Which employers need insurance and which ones don't?

All employers that have three-plus employees -- including employers that are sole proprietors, corporations, partnerships and limited liability companies -- must maintain workers' compensation insurance. Alternatively, the employer needs to satisfy the requirements for being self-insured.

This requirement applies to all employees except for:

  • "Casual employees" whose employment doesn't fall under the trade of services offered by the employer;
  • Certain railroad employees; domestic servants working for a household; farm workers at farms with fewer than 10 full-time workers;
  • Federal employers in North Carolina; and
  • Those who are selling agricultural products on a commission basis on behalf of the farmers or producers of the products.

It's important to note that sole proprietors with their own businesses, and LLC members or partners will not be counted as one of the three employers that will trigger the workers' compensation requirements. Also, it's important to note that businesses with employees who work in the presence of radiation -- even if they just have one employee -- must maintain workers' compensation insurance.

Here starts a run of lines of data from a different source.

(* Let $\mathcal G$ be a topological $2$-group and $X$ a topological space. Let $c$ be a $\mathcal G$-valued Čech cocycle subordinate to an open cover $\mathcal U$ of $X$ and let $d$ be a $\mathcal G$-valued Čech cocycle subordinate to a refinement $\mathcal V$ of $\mathcal U$. Then any $\mathcal G$-bundle morphism $\pi_d\to\pi_c$ decomposes as a composition $\pi_d\to\pi_{c_{|\mathcal V}}\to\pi_c$ of $\mathcal G$-bundle morphisms, where $c_{|\mathcal V}$ is a restriction of $c$ to $\mathcal V$.
   Context: Topological $2$-group $\mathcal G=(\mathcal G_1\rightrightarrows\mathcal G_0)$, $\mathcal E=\mathrm{Ker}(s)$, ${}^xe=1_xe1_{x^{-1}}$. A $\mathcal G$-valued Čech cocycle subordinate to $\mathcal U=\{U_i\}_{i\in I}$ is $c=(\mathbf x,\mathbf e)$ with continuous $\mathbf x_{ij}\colon U_i\cap U_j\to\mathcal G_0$, $\mathbf e_{ijk}\colon U_i\cap U_j\cap U_k\to\mathcal E$, satisfying $t(\mathbf e_{ijk})\mathbf x_{ij}\mathbf x_{jk}=\mathbf x_{ik}$ and $\mathbf e_{ikl}\mathbf e_{ijk}=\mathbf e_{ijl}\,{}^{\mathbf x_{ij}}\mathbf e_{jkl}$. For $\mathcal V=\{V_a\}_{a\in A}$ and a refinement map $\alpha\colon A\to I$ ($V_a\subset U_{\alpha(a)}$), $c_{|\mathcal V,\alpha}$ has components $\mathbf x_{\alpha(a)\alpha(b)}$, $\mathbf e_{\alpha(a)\alpha(b)\alpha(c)}$ restricted. $\pi_c\colon P_c\to\overline X$ denotes the principal $\mathcal G$-bundle with objects $(u,x)_i\in\coprod_iU_i\times\mathcal G_0$, morphisms $(v,g)_{ij}\in\coprod_{i,j}(U_i\cap U_j)\times\mathcal G_1$, $s((v,g)_{ij})=(v,s(g))_i$, $t((v,g)_{ij})=(v,\mathbf x_{ij}(v)^{-1}t(g))_j$, $(v,g)_{ij}*(v,h)_{jk}=(v,\mathbf e_{ijk}(v)(g*(1_{\mathbf x_{ij}(v)}h)))_{ik}$ ($g*h=h1_{t(g)^{-1}}g$), right $\mathcal G$-action by right multiplication, projection to $X$. A $\mathcal G$-bundle morphism $\pi\to\pi'$ is a $\mathcal G$-equivariant continuous functor $f$ with $\pi'f=\pi$. *)

From HB Require Import structures.
From mathcomp Require Import all_boot all_order all_algebra.
From mathcomp Require Import all_classical all_reals topology.
Set Implicit Arguments. Unset Strict Implicit. Unset Printing Implicit Defensive.
Local Open Scope classical_set_scope.

Record topGroup := TopGroup {
  tg_car :> topologicalType;
  tg_one : tg_car;
  tg_mul : tg_car -> tg_car -> tg_car;
  tg_inv : tg_car -> tg_car;
  tg_mulA : forall x y z, tg_mul x (tg_mul y z) = tg_mul (tg_mul x y) z;
  tg_mul1g : forall x, tg_mul tg_one x = x;
  tg_mulg1 : forall x, tg_mul x tg_one = x;
  tg_mulVg : forall x, tg_mul (tg_inv x) x = tg_one;
  tg_mulgV : forall x, tg_mul x (tg_inv x) = tg_one;
  tg_mul_cont : continuous (fun p : tg_car * tg_car => tg_mul p.1 p.2);
  tg_inv_cont : continuous tg_inv }.

Arguments tg_one {_}.
Arguments tg_mul {_}.
Arguments tg_inv {_}.

(** ** Topological (strict) 2-groups: group objects in topological categories.
    [comp g h] is the categorical composite "g then h" (defined when
    [tgt g = src h]); [unit x] is the identity arrow 1_x. *)
Record twoGroup := TwoGroup {
  G0 : topGroup;
  G1 : topGroup;
  src : G1 -> G0;
  tgt : G1 -> G0;
  unit : G0 -> G1;
  comp : G1 -> G1 -> G1;
  src_mul : forall g h, src (tg_mul g h) = tg_mul (src g) (src h);
  tgt_mul : forall g h, tgt (tg_mul g h) = tg_mul (tgt g) (tgt h);
  unit_mul : forall x y, unit (tg_mul x y) = tg_mul (unit x) (unit y);
  src_cont : continuous src;
  tgt_cont : continuous tgt;
  unit_cont : continuous unit;
  comp_cont : {within [set p : G1 * G1 | tgt p.1 = src p.2],
                 continuous (fun p : G1 * G1 => comp p.1 p.2)};
  src_unit : forall x, src (unit x) = x;
  tgt_unit : forall x, tgt (unit x) = x;
  src_comp : forall g h, tgt g = src h -> src (comp g h) = src g;
  tgt_comp : forall g h, tgt g = src h -> tgt (comp g h) = tgt h;
  compA : forall g h k, tgt g = src h -> tgt h = src k ->
            comp (comp g h) k = comp g (comp h k);
  comp_unitl : forall g, comp (unit (src g)) g = g;
  comp_unitr : forall g, comp g (unit (tgt g)) = g;
  comp_mul : forall g h g' h', tgt g = src h -> tgt g' = src h' ->
      comp (tg_mul g g') (tg_mul h h') = tg_mul (comp g h) (comp g' h') }.

Arguments src {_}.
Arguments tgt {_}.
Arguments unit {_}.
Arguments comp {_}.

Section Defs.
Variables (G : twoGroup) (X : topologicalType).

Definition conj2 (x : G0 G) (e : G1 G) : G1 G :=
  tg_mul (tg_mul (unit x) e) (unit (tg_inv x)).

Definition open_cover (I : Type) (U : I -> set X) : Prop :=
  (forall i, open (U i)) /\ (forall v : X, exists i, U i v).

Definition refines (I A : Type) (V : A -> set X) (U : I -> set X) : Prop :=
  forall a, exists i, V a `<=` U i.

(** G-valued Cech cocycle (x, e) subordinate to U; the components are total
    functions on X, only their values on the relevant intersections matter. *)
Definition cocycle (I : Type) (U : I -> set X)
    (x : I -> I -> X -> G0 G) (e : I -> I -> I -> X -> G1 G) : Prop :=
  [/\ (forall i j, {within U i `&` U j, continuous (x i j)}),
      (forall i j k, {within U i `&` U j `&` U k, continuous (e i j k)}),
      (forall i j k v, (U i `&` U j `&` U k) v -> src (e i j k v) = tg_one),
      (forall i j k v, (U i `&` U j `&` U k) v ->
          tg_mul (tg_mul (tgt (e i j k v)) (x i j v)) (x j k v) = x i k v) &
      (forall i j k l v, (U i `&` U j `&` U k `&` U l) v ->
          tg_mul (e i k l v) (e i j k v)
          = tg_mul (e i j l v) (conj2 (x i j v) (e j k l v)))].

What if the employees are "independent contractors?"

Employers do not absolve themselves of liability for workers' compensation payments simply by trying to classify their employees as independent contractors. Only certain workers may be classified as "independent contractors" under North Carolina workers' compensation laws. Therefore, employers and employees alike should make sure they fully understand what their or their employees' true status is under the Workers' Compensation Act for the purpose of assessing the liability to pay injured worker benefits.